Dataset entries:
(* Let $S_1=(x_1,y_1),\ldots,S_4=(x_4,y_4)$ be four points in the plane with $x_1\le x_2\le x_3\le x_4$, and let $\delta_1,\ldots,\delta_4$ be positive integers. For $i\in\{1,\dots,4\}$ define the pivot point $$P_i=\left(x_i+\frac{\sum_{j=1}^4\delta_j(x_j-x_i)^2}{\sum_{j=1}^4\delta_j(x_j-x_i)},\ y_i+\frac{\sum_{j=1}^4\delta_j(x_j-x_i)(y_j-y_i)}{\sum_{j=1}^4\delta_j(x_j-x_i)}\right)$$ whenever the denominator is nonzero. Fix $i$ such that $P_i$ is defined and the three points $S_a,S_b,S_c$ ($a<b<c$, $\{a,b,c\}=\{1,2,3,4\}\setminus\{i\}$) are not collinear, and let $(\lambda_a,\lambda_b,\lambda_c)$ be the barycentric coordinates of $P_i$ with respect to the triangle $S_aS_bS_c$. Then the sign pattern of $(\lambda_a,\lambda_b,\lambda_c)$ is neither $+-+$ (i.e. $\lambda_a>0,\lambda_b<0,\lambda_c>0$) nor $-+-$ (i.e. $\lambda_a<0,\lambda_b>0,\lambda_c<0$).
   Context: The pivot point $P_i$ is the point through which the least-squares regression line of the data, in which each $S_j$ appears $\delta_j$ times, always passes regardless of how many additional copies of $S_i$ are added. For a non-degenerate triangle $ABC$, the barycentric coordinates of $Q$ are the unique reals $(\lambda_A,\lambda_B,\lambda_C)$ with sum $1$ and $Q=\lambda_AA+\lambda_BB+\lambda_CC$; their sign pattern determines which of the seven regions cut out by the edge-lines of the triangle contains $Q$. *)

From mathcomp Require Import all_boot all_order all_algebra.
Set Implicit Arguments. Unset Strict Implicit. Unset Printing Implicit Defensive.
Import Order.TTheory GRing.Theory Num.Theory.
Local Open Scope ring_scope.

(* Points S_j = (x j, y j), j : 'I_4 (index j represents S_{j+1}). *)

Section Pivot.
Variable R : realFieldType.

Definition pivot_den (x : 'I_4 -> R) (delta : 'I_4 -> nat) (i : 'I_4) : R :=
  \sum_(j < 4) (delta j)%:R * (x j - x i).

Definition pivot_x (x : 'I_4 -> R) (delta : 'I_4 -> nat) (i : 'I_4) : R :=
  x i + (\sum_(j < 4) (delta j)%:R * (x j - x i) ^+ 2) / pivot_den x delta i.

Definition pivot_y (x y : 'I_4 -> R) (delta : 'I_4 -> nat) (i : 'I_4) : R :=
  y i + (\sum_(j < 4) (delta j)%:R * ((x j - x i) * (y j - y i)))
        / pivot_den x delta i.

Definition collinear (ax ay bx by_ cx cy : R) : Prop :=
  (bx - ax) * (cy - ay) - (by_ - ay) * (cx - ax) = 0.

Definition is_barycentric (ax ay bx by_ cx cy qx qy la lb lc : R) : Prop :=
  [/\ la + lb + lc = 1,
      qx = la * ax + lb * bx + lc * cx &
      qy = la * ay + lb * by_ + lc * cy].

End Pivot.

From mathcomp Require Import all_boot all_order all_algebra.
From mathcomp Require Import ring.
Set Implicit Arguments. Unset Strict Implicit. Unset Printing Implicit Defensive.
Import Order.TTheory GRing.Theory Num.Theory.
Local Open Scope ring_scope.

(* Writing D for the denominator, P_i = sum_j w_j S_j with weights
   w_j = delta_j (x_j - x_i) / D summing to 1, and w_i = 0.  So (w_a, w_b, w_c)
   are the barycentric coordinates of P_i, and D w_j has the sign of x_j - x_i,
   which is monotone in j because the abscissae are sorted.  A sign pattern
   + - + or - + - would make that sign change twice. *)

Lemma big_uniq_full (R : Type) (idx : R) (op : Monoid.com_law idx)
    (T : finType) (s : seq T) (F : T -> R) :
  uniq s -> size s = #|T| -> \big[op/idx]_(t <- s) F t = \big[op/idx]_t F t.
Proof.
move=> s_uniq s_size; rewrite big_uniq //; apply: eq_bigl.
apply/subset_cardP; last exact: subset_predT.
by rewrite (card_uniqP s_uniq).
Qed.

Lemma det2_kernel (R : idomainType) (p q r s u v : R) :
  p * s - r * q != 0 -> p * u + q * v = 0 -> r * u + s * v = 0 -> u = 0 /\ v = 0.
Proof.
move=> /negPf det_neq0 eq1 eq2.
have /eqP : (p * s - r * q) * u = 0.
  transitivity (s * (p * u + q * v) - q * (r * u + s * v)); first by ring.
  by rewrite eq1 eq2 !mulr0 subrr.
have /eqP : (p * s - r * q) * v = 0.
  transitivity (p * (r * u + s * v) - r * (p * u + q * v)); first by ring.
  by rewrite eq1 eq2 !mulr0 subrr.
by rewrite !mulf_eq0 det_neq0 /= => /eqP -> /eqP ->.
Qed.

Lemma is_barycentric_uniq (R : realFieldType)
    (ax ay bx by_ cx cy qx qy la lb lc ma mb mc : R) :
  ~ collinear ax ay bx by_ cx cy ->
  is_barycentric ax ay bx by_ cx cy qx qy la lb lc ->
  is_barycentric ax ay bx by_ cx cy qx qy ma mb mc ->
  [/\ la = ma, lb = mb & lc = mc].
Proof.
move=> /eqP ncol [sl xl yl] [sm xm ym].
have ex : (bx - ax) * (lb - mb) + (cx - ax) * (lc - mc) = 0.
  have -> : (bx - ax) * (lb - mb) + (cx - ax) * (lc - mc) =
      (la * ax + lb * bx + lc * cx) - (ma * ax + mb * bx + mc * cx)
      - ax * ((la + lb + lc) - (ma + mb + mc)) by ring.
  by rewrite -xl -xm sl sm !subrr mulr0 subrr.
have ey : (by_ - ay) * (lb - mb) + (cy - ay) * (lc - mc) = 0.
  have -> : (by_ - ay) * (lb - mb) + (cy - ay) * (lc - mc) =
      (la * ay + lb * by_ + lc * cy) - (ma * ay + mb * by_ + mc * cy)
      - ay * ((la + lb + lc) - (ma + mb + mc)) by ring.
  by rewrite -yl -ym sl sm !subrr mulr0 subrr.
have [/eqP + /eqP] := det2_kernel ncol ex ey; rewrite !subr_eq0 => /eqP eb /eqP ec.
by split=> //; apply: (addIr (lb + lc)); rewrite !addrA sl eb ec sm.
Qed.

Lemma no_sign_alternation (R : realDomainType) (D la lb lc : R) :
  D != 0 -> (0 < D * la -> 0 < D * lb) -> (D * lc < 0 -> D * lb < 0) ->
  ~ (0 < la /\ lb < 0 /\ 0 < lc) /\ ~ (la < 0 /\ 0 < lb /\ lc < 0).
Proof.
rewrite neq_lt => /orP[D_lt0 | D_gt0] up down.
- rewrite !nmulr_rgt0 // !nmulr_rlt0 // in up down.
  split=> [[_ [lb_lt0 /down lb_gt0]] | [/up lb_lt0 [lb_gt0 _]]];
    by have := lt_trans lb_lt0 lb_gt0; rewrite ltxx.
- rewrite !pmulr_rgt0 // !pmulr_rlt0 // in up down.
  split=> [[/up lb_gt0 [lb_lt0 _]] | [_ [lb_gt0 /down lb_lt0]]];
    by have := lt_trans lb_lt0 lb_gt0; rewrite ltxx.
Qed.

Section PivotWeights.
Variables (R : realFieldType) (x : 'I_4 -> R) (delta : 'I_4 -> nat) (i : 'I_4).
Hypothesis den_neq0 : pivot_den x delta i != 0.

Definition pivot_weight (j : 'I_4) : R :=
  (delta j)%:R * (x j - x i) / pivot_den x delta i.

Lemma pivot_weight_self : pivot_weight i = 0.
Proof. by rewrite /pivot_weight subrr mulr0 mul0r. Qed.

Lemma sum_pivot_weight : \sum_j pivot_weight j = 1.
Proof. by rewrite /pivot_weight -mulr_suml divff. Qed.

Lemma pivot_y_affine (y : 'I_4 -> R) :
  pivot_y x y delta i = \sum_j pivot_weight j * y j.
Proof.
have -> : \sum_j pivot_weight j * y j =
    \sum_j (pivot_weight j * y i + pivot_weight j * (y j - y i)).
  by apply: eq_bigr => j _; ring.
rewrite big_split /= -mulr_suml sum_pivot_weight mul1r /pivot_y mulr_suml.
by congr (_ + _); apply: eq_bigr => j _; rewrite /pivot_weight; ring.
Qed.

Lemma pivot_x_affine : pivot_x x delta i = \sum_j pivot_weight j * x j.
Proof.
rewrite -pivot_y_affine /pivot_x /pivot_y.
by congr (_ + _ / _); apply: eq_bigr => j _; rewrite expr2.
Qed.

Lemma den_pivot_weight_gt0 (j : 'I_4) :
  (0 < delta j)%N -> (0 < pivot_den x delta i * pivot_weight j) = (x i < x j).
Proof. by move=> dj; rewrite mulrC divfK // pmulr_rgt0 ?ltr0n // subr_gt0. Qed.

Lemma den_pivot_weight_lt0 (j : 'I_4) :
  (0 < delta j)%N -> (pivot_den x delta i * pivot_weight j < 0) = (x j < x i).
Proof. by move=> dj; rewrite mulrC divfK // pmulr_rlt0 ?ltr0n // subr_lt0. Qed.

Lemma is_barycentric_pivot (y : 'I_4 -> R) (a b c : 'I_4) :
  uniq [:: i; a; b; c] ->
  is_barycentric (x a) (y a) (x b) (y b) (x c) (y c)
    (pivot_x x delta i) (pivot_y x y delta i)
    (pivot_weight a) (pivot_weight b) (pivot_weight c).
Proof.
move=> iabc_uniq.
have sum_iabc (F : 'I_4 -> R) : F i = 0 -> \sum_j F j = F a + F b + F c.
  by move=> Fi0; rewrite -(big_uniq_full _ _ iabc_uniq) ?card_ord //=
    !big_cons big_nil Fi0 add0r addr0 addrA.
split.
- by rewrite -sum_pivot_weight (sum_iabc pivot_weight) ?pivot_weight_self.
- by rewrite pivot_x_affine (sum_iabc (fun j => _ * x j)) ?pivot_weight_self ?mul0r.
- by rewrite pivot_y_affine (sum_iabc (fun j => _ * y j)) ?pivot_weight_self ?mul0r.
Qed.

End PivotWeights.

Theorem corollary1 (R : realFieldType) (x y : 'I_4 -> R) (delta : 'I_4 -> nat)
  (hdelta : forall j, (0 < delta j)%N)
  (hx : forall j k : 'I_4, (j <= k)%N -> x j <= x k)
  (i a b c : 'I_4)
  (hab : (a < b)%N) (hbc : (b < c)%N)
  (hai : a != i) (hbi : b != i) (hci : c != i)
  (hden : pivot_den x delta i != 0)
  (hncol : ~ collinear (x a) (y a) (x b) (y b) (x c) (y c))
  (la lb lc : R)
  (hbar : is_barycentric (x a) (y a) (x b) (y b) (x c) (y c)
            (pivot_x x delta i) (pivot_y x y delta i) la lb lc) :
  ~ (0 < la /\ lb < 0 /\ 0 < lc) /\ ~ (la < 0 /\ 0 < lb /\ lc < 0).
Proof.
have ord_neq (u v : 'I_4) : (u < v)%N -> u != v by rewrite -val_eqE /= neq_ltn => ->.
have iabc_uniq : uniq [:: i; a; b; c].
  by rewrite /= !inE ![i == _]eq_sym (negbTE hai) (negbTE hbi) (negbTE hci)
    !(negbTE (ord_neq _ _ _)) // (ltn_trans hab).
have [-> -> ->] :=
  is_barycentric_uniq hncol hbar (is_barycentric_pivot hden y iabc_uniq).
apply: (no_sign_alternation hden).
- by rewrite !den_pivot_weight_gt0 // => /lt_le_trans; apply; rewrite hx // ltnW.
- by rewrite !den_pivot_weight_lt0 // => /(le_lt_trans _); apply; rewrite hx // ltnW.
Qed.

**Exercise objective:**
If the string "mulrC" appears in a line of the entries, report the line.

**Your solution:**
Proof. by move=> dj; rewrite mulrC divfK // pmulr_rgt0 ?ltr0n // subr_gt0. Qed.
Proof. by move=> dj; rewrite mulrC divfK // pmulr_rlt0 ?ltr0n // subr_lt0. Qed.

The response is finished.